#### Data provided

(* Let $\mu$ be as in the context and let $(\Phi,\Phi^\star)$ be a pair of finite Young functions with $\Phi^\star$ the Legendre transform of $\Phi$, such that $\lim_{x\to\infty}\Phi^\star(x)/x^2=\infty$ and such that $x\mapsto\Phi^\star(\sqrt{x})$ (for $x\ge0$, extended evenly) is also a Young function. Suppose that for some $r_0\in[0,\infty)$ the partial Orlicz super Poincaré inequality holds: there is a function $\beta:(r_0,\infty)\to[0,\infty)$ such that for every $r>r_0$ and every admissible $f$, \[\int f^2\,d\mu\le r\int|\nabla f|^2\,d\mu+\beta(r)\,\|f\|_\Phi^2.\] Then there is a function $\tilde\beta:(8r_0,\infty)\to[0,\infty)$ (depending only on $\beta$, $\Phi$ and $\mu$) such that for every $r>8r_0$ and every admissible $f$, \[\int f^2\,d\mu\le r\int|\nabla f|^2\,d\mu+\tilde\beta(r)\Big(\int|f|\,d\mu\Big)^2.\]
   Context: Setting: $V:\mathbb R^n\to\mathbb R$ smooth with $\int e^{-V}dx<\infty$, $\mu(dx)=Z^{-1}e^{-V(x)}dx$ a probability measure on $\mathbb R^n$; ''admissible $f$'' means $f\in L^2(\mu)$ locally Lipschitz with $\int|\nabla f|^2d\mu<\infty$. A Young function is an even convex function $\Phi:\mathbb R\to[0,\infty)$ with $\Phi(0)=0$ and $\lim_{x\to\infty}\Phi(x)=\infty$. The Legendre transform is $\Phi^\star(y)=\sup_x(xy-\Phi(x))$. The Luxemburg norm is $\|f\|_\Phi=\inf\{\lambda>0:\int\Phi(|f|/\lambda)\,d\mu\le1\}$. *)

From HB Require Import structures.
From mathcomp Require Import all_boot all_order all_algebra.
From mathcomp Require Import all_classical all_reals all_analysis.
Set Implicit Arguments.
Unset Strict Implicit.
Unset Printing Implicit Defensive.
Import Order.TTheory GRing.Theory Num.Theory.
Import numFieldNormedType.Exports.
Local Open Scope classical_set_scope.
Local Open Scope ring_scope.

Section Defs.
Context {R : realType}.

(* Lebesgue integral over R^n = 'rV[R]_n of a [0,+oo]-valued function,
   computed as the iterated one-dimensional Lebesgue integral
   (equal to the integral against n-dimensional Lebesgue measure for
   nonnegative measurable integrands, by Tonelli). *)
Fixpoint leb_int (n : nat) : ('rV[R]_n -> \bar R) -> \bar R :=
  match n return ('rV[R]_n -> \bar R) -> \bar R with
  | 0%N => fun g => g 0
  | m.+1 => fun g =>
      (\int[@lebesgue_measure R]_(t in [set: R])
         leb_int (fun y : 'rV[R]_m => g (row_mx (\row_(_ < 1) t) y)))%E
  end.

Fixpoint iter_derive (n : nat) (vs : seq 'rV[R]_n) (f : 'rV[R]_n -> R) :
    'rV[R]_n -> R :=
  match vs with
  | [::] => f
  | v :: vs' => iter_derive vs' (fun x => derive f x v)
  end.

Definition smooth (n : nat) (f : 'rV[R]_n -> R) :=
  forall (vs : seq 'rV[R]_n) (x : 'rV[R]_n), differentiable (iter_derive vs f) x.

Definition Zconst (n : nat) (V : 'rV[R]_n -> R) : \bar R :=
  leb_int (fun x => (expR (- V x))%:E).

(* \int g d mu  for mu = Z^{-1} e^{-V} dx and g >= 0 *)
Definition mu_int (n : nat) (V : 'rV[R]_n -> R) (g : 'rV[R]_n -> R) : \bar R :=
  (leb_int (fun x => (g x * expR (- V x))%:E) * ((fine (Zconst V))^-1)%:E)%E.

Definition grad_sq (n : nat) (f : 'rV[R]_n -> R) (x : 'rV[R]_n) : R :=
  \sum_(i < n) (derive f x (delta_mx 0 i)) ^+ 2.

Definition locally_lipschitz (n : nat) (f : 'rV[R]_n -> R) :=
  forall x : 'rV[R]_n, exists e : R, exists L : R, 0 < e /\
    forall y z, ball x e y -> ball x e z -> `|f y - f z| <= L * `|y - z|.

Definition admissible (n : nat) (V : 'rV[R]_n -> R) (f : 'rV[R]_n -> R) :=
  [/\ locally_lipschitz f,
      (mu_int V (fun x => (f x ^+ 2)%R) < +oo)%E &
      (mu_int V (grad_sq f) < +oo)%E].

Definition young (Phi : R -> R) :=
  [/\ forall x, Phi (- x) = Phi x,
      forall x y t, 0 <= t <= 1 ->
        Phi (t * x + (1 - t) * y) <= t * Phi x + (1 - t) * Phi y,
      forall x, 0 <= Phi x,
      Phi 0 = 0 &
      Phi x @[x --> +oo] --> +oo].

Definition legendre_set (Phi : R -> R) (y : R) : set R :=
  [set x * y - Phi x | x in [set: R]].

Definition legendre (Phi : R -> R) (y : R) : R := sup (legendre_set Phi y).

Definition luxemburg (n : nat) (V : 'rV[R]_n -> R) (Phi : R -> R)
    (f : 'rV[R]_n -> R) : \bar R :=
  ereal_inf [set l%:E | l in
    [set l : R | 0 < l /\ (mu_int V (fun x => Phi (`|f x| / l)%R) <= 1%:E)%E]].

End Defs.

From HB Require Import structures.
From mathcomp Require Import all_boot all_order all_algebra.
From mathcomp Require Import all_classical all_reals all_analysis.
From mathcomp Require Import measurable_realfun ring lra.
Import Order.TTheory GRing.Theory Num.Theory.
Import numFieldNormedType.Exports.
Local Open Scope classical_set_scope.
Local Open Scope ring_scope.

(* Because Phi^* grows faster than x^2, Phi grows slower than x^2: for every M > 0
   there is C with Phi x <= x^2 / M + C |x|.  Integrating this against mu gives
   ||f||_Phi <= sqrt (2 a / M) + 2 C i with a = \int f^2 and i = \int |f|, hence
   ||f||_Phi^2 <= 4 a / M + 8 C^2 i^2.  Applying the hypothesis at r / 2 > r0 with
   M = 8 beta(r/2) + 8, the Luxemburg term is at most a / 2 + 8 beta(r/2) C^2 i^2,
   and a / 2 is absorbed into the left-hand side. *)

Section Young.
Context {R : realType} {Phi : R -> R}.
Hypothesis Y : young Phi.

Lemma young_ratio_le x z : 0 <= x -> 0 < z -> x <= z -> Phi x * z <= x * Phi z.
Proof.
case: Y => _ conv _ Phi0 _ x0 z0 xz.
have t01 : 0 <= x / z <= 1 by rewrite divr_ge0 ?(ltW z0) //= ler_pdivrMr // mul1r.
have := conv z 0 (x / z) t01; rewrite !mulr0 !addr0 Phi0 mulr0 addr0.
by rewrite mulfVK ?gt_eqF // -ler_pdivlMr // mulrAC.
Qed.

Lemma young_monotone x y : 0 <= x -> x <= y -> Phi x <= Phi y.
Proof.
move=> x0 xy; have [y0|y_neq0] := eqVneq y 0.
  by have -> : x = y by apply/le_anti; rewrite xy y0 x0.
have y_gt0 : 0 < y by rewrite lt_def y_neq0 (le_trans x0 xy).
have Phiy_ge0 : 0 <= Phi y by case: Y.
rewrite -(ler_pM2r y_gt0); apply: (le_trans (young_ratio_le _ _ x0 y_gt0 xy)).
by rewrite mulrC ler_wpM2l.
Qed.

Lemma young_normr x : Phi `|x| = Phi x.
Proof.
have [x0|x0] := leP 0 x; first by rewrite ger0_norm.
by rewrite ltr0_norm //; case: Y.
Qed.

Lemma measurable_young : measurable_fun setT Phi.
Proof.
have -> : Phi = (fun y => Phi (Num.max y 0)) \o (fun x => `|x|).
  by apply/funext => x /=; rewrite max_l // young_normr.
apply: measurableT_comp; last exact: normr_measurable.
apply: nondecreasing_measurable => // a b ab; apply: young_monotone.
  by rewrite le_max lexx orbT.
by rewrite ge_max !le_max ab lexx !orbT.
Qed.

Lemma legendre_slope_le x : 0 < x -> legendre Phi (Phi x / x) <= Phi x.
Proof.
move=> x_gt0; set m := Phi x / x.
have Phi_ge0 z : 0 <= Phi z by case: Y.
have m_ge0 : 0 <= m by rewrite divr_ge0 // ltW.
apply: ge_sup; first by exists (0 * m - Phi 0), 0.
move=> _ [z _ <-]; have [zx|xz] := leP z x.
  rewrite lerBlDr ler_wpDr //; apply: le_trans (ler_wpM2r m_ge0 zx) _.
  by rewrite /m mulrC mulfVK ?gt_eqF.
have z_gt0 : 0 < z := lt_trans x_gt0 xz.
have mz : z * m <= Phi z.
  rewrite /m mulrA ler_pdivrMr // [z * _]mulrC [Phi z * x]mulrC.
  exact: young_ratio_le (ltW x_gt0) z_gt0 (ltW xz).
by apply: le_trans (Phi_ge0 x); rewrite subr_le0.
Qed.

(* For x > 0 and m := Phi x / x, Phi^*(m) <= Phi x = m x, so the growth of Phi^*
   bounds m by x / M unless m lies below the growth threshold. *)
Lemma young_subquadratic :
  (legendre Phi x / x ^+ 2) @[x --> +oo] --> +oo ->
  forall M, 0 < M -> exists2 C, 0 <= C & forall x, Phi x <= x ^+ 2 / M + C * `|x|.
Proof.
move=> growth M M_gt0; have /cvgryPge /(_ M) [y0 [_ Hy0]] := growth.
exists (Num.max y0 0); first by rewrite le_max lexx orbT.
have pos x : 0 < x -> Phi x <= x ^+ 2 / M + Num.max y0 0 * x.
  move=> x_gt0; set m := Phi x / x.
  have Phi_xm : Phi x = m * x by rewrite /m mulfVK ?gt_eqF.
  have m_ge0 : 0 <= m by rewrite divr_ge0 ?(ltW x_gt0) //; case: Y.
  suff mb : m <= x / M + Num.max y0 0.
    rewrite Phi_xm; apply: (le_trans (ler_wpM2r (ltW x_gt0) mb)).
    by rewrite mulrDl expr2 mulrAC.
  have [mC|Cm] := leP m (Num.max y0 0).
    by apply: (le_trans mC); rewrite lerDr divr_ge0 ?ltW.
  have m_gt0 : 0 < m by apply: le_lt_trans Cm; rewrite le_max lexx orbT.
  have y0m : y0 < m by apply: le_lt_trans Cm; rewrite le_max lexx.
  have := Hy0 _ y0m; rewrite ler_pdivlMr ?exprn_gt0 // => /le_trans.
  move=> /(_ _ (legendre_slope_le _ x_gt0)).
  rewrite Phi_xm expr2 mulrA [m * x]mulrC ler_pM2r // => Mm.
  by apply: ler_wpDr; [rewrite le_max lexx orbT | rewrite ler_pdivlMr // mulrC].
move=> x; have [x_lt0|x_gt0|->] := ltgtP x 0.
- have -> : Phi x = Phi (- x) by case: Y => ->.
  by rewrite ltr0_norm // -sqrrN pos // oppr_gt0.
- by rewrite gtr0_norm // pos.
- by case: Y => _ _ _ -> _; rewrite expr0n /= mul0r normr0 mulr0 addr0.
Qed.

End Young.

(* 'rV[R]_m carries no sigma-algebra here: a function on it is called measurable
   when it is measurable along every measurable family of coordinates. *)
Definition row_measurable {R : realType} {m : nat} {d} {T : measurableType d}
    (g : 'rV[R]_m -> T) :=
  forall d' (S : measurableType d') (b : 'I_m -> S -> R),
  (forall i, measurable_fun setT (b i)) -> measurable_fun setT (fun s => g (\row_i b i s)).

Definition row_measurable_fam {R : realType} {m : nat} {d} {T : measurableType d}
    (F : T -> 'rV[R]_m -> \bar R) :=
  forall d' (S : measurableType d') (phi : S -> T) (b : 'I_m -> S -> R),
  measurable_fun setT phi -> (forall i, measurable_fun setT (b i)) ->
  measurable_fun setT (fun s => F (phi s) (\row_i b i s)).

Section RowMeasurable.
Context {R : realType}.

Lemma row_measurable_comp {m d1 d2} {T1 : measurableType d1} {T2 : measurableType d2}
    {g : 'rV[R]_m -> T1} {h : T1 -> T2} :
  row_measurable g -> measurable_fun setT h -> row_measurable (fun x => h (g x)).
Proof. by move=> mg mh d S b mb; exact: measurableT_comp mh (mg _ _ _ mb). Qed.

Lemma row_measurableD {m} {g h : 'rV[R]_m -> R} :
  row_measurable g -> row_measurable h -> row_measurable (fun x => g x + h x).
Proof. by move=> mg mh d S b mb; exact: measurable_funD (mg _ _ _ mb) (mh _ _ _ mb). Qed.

#### Goal of the exercise
Within the material above, output exactly the lines from the one with "rewrite Phi_xm; apply: (le_trans" through the one with "move=> x; have [x_lt0|x_gt0|->] := ltgtP x 0.", end lines included, and nothing besides.

#### Reply
    rewrite Phi_xm; apply: (le_trans (ler_wpM2r (ltW x_gt0) mb)).
    by rewrite mulrDl expr2 mulrAC.
  have [mC|Cm] := leP m (Num.max y0 0).
    by apply: (le_trans mC); rewrite lerDr divr_ge0 ?ltW.
  have m_gt0 : 0 < m by apply: le_lt_trans Cm; rewrite le_max lexx orbT.
  have y0m : y0 < m by apply: le_lt_trans Cm; rewrite le_max lexx.
  have := Hy0 _ y0m; rewrite ler_pdivlMr ?exprn_gt0 // => /le_trans.
  move=> /(_ _ (legendre_slope_le _ x_gt0)).
  rewrite Phi_xm expr2 mulrA [m * x]mulrC ler_pM2r // => Mm.
  by apply: ler_wpDr; [rewrite le_max lexx orbT | rewrite ler_pdivlMr // mulrC].
move=> x; have [x_lt0|x_gt0|->] := ltgtP x 0.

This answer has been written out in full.